Stored data entries:
Lemma dist_succ x y k : dist e x y = k.+1 -> exists2 z, e x z & dist e z y = k.
Proof.
move=> h; have := dist_reach x y; rewrite h /=.
case/orP => [hk|/existsP [z /andP [exz hz]]].
  by move: hk; rewrite -dist_leP h ltnn.
exists z => //; apply/eqP; rewrite eqn_leq dist_leP hz /=.
by have := dist_triangle x z y; rewrite h dist_edge.
Qed.

Lemma degree_gt0 y : (1 < n)%N -> (0 < degree e y)%N.
Proof.
move=> n_gt1; have [z zy] : exists z : 'I_n, z != y.
  have [->|h] := eqVneq y (Ordinal n_gt1); last by exists (Ordinal n_gt1); rewrite eq_sym.
  by exists (Ordinal (ltnW n_gt1)); apply/eqP => /(congr1 val).
case hd: (dist e y z) => [|k]; first by move/eqP: hd; rewrite dist_eq0 eq_sym (negbTE zy).
have [w eyw _] := dist_succ hd.
by apply/card_gt0P; exists w; rewrite inE.
Qed.

Local Notation P := (path_set e).

Lemma mem_path_setl r s : r \in P r s.
Proof. by rewrite inE distxx. Qed.

Lemma mem_path_setr r s : s \in P r s.
Proof. by rewrite inE distxx addn0. Qed.

Lemma path_setC r s : P r s = P s r.
Proof.
by apply/setP => y; rewrite !inE addnC (dist_sym r s) (dist_sym r y) (dist_sym y s).
Qed.

Lemma path_set_next r s y : y \in P r s -> y != s ->
  exists y', [/\ y' \in P r s, e y y' & dist e r y' = (dist e r y).+1].
Proof.
rewrite inE => /eqP hy ys.
case hd: (dist e y s) => [|k]; first by move/eqP: hd; rewrite dist_eq0 (negbTE ys).
have [z eyz hz] := dist_succ hd.
have := dist_triangle r z s; have := dist_triangle r y z; rewrite (dist_edge eyz).
by exists z; split; rewrite ?inE //; [apply/eqP|]; lia.
Qed.

Lemma path_set_prev r s y : y \in P r s -> y != r ->
  exists y', [/\ y' \in P r s, e y y' & (dist e r y').+1 = dist e r y].
Proof.
rewrite path_setC => hy yr; have [z [hz eyz dz]] := path_set_next hy yr.
exists z; split => //.
move: hy hz dz; rewrite !inE !(dist_sym s) (dist_sym y r) (dist_sym z r) => /eqP h1 /eqP h2.
lia.
Qed.

Lemma path_set_dist_le r s y : y \in P r s -> (dist e r y <= dist e r s)%N.
Proof. by rewrite inE => /eqP <-; apply: leq_addr. Qed.

Lemma path_set_dist_nbr r s y : y \in P r s -> e y s -> (dist e r y).+1 = dist e r s.
Proof. by rewrite inE => /eqP <- /dist_edge ->; rewrite addn1. Qed.

Definition deg2_interior r s :=
  forall y, y \in P r s -> y != r -> y != s -> degree e y = 2%N.

Lemma nbhd_seq y (s : seq 'I_n) : uniq s -> all (e y) s -> size s = degree e y ->
  [set z | e y z] = [set z in s].
Proof.
move=> s_uniq /allP s_nbr s_size; apply/eqP; rewrite eq_sym eqEcard.
apply/andP; split; first by apply/subsetP => z; rewrite !inE => /s_nbr.
by rewrite [X in (_ <= X)%N]cardsE (card_uniqP s_uniq) s_size.
Qed.

Lemma junction_nbrs a b c m : m != a -> m != b -> m != c ->
  P a m :&: P b m = [set m] -> P a m :&: P m c = [set m] -> P b m :&: P m c = [set m] ->
  exists a' b' c', [/\ [/\ a' \in P a m, b' \in P b m & c' \in P m c],
                       [/\ e m a', e m b' & e m c'] & uniq [:: a'; b'; c']].
Proof.
move=> ma mb mc Iab Iac Ibc.
have [a' [a'P ma' _]] := path_set_prev (mem_path_setr a m) ma.
have [b' [b'P mb' _]] := path_set_prev (mem_path_setr b m) mb.
have [c' [c'P mc' _]] := path_set_next (mem_path_setl m c) mc.
have nbr_neq z : e m z -> z != m by apply: contraTneq => ->; rewrite e_irr.
have ab := setI1_neq Iab a'P b'P (nbr_neq _ ma').
have ac := setI1_neq Iac a'P c'P (nbr_neq _ ma').
have bc := setI1_neq Ibc b'P c'P (nbr_neq _ mb').
by exists a', b', c'; split; rewrite //= !inE !negb_or ab ac bc.
Qed.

— TASK OBJECTIVE —
Repeat the records above exactly, from the first line to the last.

— WRITTEN RESPONSE —
Lemma dist_succ x y k : dist e x y = k.+1 -> exists2 z, e x z & dist e z y = k.
Proof.
move=> h; have := dist_reach x y; rewrite h /=.
case/orP => [hk|/existsP [z /andP [exz hz]]].
  by move: hk; rewrite -dist_leP h ltnn.
exists z => //; apply/eqP; rewrite eqn_leq dist_leP hz /=.
by have := dist_triangle x z y; rewrite h dist_edge.
Qed.

Lemma degree_gt0 y : (1 < n)%N -> (0 < degree e y)%N.
Proof.
move=> n_gt1; have [z zy] : exists z : 'I_n, z != y.
  have [->|h] := eqVneq y (Ordinal n_gt1); last by exists (Ordinal n_gt1); rewrite eq_sym.
  by exists (Ordinal (ltnW n_gt1)); apply/eqP => /(congr1 val).
case hd: (dist e y z) => [|k]; first by move/eqP: hd; rewrite dist_eq0 eq_sym (negbTE zy).
have [w eyw _] := dist_succ hd.
by apply/card_gt0P; exists w; rewrite inE.
Qed.

Local Notation P := (path_set e).

Lemma mem_path_setl r s : r \in P r s.
Proof. by rewrite inE distxx. Qed.

Lemma mem_path_setr r s : s \in P r s.
Proof. by rewrite inE distxx addn0. Qed.

Lemma path_setC r s : P r s = P s r.
Proof.
by apply/setP => y; rewrite !inE addnC (dist_sym r s) (dist_sym r y) (dist_sym y s).
Qed.

Lemma path_set_next r s y : y \in P r s -> y != s ->
  exists y', [/\ y' \in P r s, e y y' & dist e r y' = (dist e r y).+1].
Proof.
rewrite inE => /eqP hy ys.
case hd: (dist e y s) => [|k]; first by move/eqP: hd; rewrite dist_eq0 (negbTE ys).
have [z eyz hz] := dist_succ hd.
have := dist_triangle r z s; have := dist_triangle r y z; rewrite (dist_edge eyz).
by exists z; split; rewrite ?inE //; [apply/eqP|]; lia.
Qed.

Lemma path_set_prev r s y : y \in P r s -> y != r ->
  exists y', [/\ y' \in P r s, e y y' & (dist e r y').+1 = dist e r y].
Proof.
rewrite path_setC => hy yr; have [z [hz eyz dz]] := path_set_next hy yr.
exists z; split => //.
move: hy hz dz; rewrite !inE !(dist_sym s) (dist_sym y r) (dist_sym z r) => /eqP h1 /eqP h2.
lia.
Qed.

Lemma path_set_dist_le r s y : y \in P r s -> (dist e r y <= dist e r s)%N.
Proof. by rewrite inE => /eqP <-; apply: leq_addr. Qed.

Lemma path_set_dist_nbr r s y : y \in P r s -> e y s -> (dist e r y).+1 = dist e r s.
Proof. by rewrite inE => /eqP <- /dist_edge ->; rewrite addn1. Qed.

Definition deg2_interior r s :=
  forall y, y \in P r s -> y != r -> y != s -> degree e y = 2%N.

Lemma nbhd_seq y (s : seq 'I_n) : uniq s -> all (e y) s -> size s = degree e y ->
  [set z | e y z] = [set z in s].
Proof.
move=> s_uniq /allP s_nbr s_size; apply/eqP; rewrite eq_sym eqEcard.
apply/andP; split; first by apply/subsetP => z; rewrite !inE => /s_nbr.
by rewrite [X in (_ <= X)%N]cardsE (card_uniqP s_uniq) s_size.
Qed.

Lemma junction_nbrs a b c m : m != a -> m != b -> m != c ->
  P a m :&: P b m = [set m] -> P a m :&: P m c = [set m] -> P b m :&: P m c = [set m] ->
  exists a' b' c', [/\ [/\ a' \in P a m, b' \in P b m & c' \in P m c],
                       [/\ e m a', e m b' & e m c'] & uniq [:: a'; b'; c']].
Proof.
move=> ma mb mc Iab Iac Ibc.
have [a' [a'P ma' _]] := path_set_prev (mem_path_setr a m) ma.
have [b' [b'P mb' _]] := path_set_prev (mem_path_setr b m) mb.
have [c' [c'P mc' _]] := path_set_next (mem_path_setl m c) mc.
have nbr_neq z : e m z -> z != m by apply: contraTneq => ->; rewrite e_irr.
have ab := setI1_neq Iab a'P b'P (nbr_neq _ ma').
have ac := setI1_neq Iac a'P c'P (nbr_neq _ ma').
have bc := setI1_neq Ibc b'P c'P (nbr_neq _ mb').
by exists a', b', c'; split; rewrite //= !inE !negb_or ab ac bc.
Qed.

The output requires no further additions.